# DATA FOR THE TASK:
- - -

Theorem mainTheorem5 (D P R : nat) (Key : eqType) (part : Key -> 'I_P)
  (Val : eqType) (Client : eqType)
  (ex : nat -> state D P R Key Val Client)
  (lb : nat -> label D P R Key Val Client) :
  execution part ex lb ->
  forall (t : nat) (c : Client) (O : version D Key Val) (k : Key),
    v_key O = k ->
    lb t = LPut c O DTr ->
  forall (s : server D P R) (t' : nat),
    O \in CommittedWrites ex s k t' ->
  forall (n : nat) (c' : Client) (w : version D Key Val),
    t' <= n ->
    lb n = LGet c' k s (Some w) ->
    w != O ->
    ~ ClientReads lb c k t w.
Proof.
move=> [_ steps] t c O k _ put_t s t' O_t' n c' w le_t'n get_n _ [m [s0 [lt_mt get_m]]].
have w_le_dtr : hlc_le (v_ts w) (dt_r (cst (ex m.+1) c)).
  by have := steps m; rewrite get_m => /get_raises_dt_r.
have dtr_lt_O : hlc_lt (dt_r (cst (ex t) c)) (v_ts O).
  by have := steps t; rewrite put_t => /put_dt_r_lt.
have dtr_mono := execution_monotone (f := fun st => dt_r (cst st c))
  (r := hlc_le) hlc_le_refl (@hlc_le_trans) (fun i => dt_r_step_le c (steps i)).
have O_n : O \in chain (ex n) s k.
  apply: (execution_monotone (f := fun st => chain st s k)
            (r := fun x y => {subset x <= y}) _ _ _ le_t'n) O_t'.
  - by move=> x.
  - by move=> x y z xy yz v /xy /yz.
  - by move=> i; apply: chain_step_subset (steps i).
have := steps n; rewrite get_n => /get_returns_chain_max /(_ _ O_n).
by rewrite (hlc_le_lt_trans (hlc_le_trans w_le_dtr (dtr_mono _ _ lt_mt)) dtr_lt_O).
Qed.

- - -

# TASK INSTRUCTIONS:
Scan the entries for the word "eqType". Report each line that has it.

# SOLUTION TO THIS PROBLEM:
Theorem mainTheorem5 (D P R : nat) (Key : eqType) (part : Key -> 'I_P)
  (Val : eqType) (Client : eqType)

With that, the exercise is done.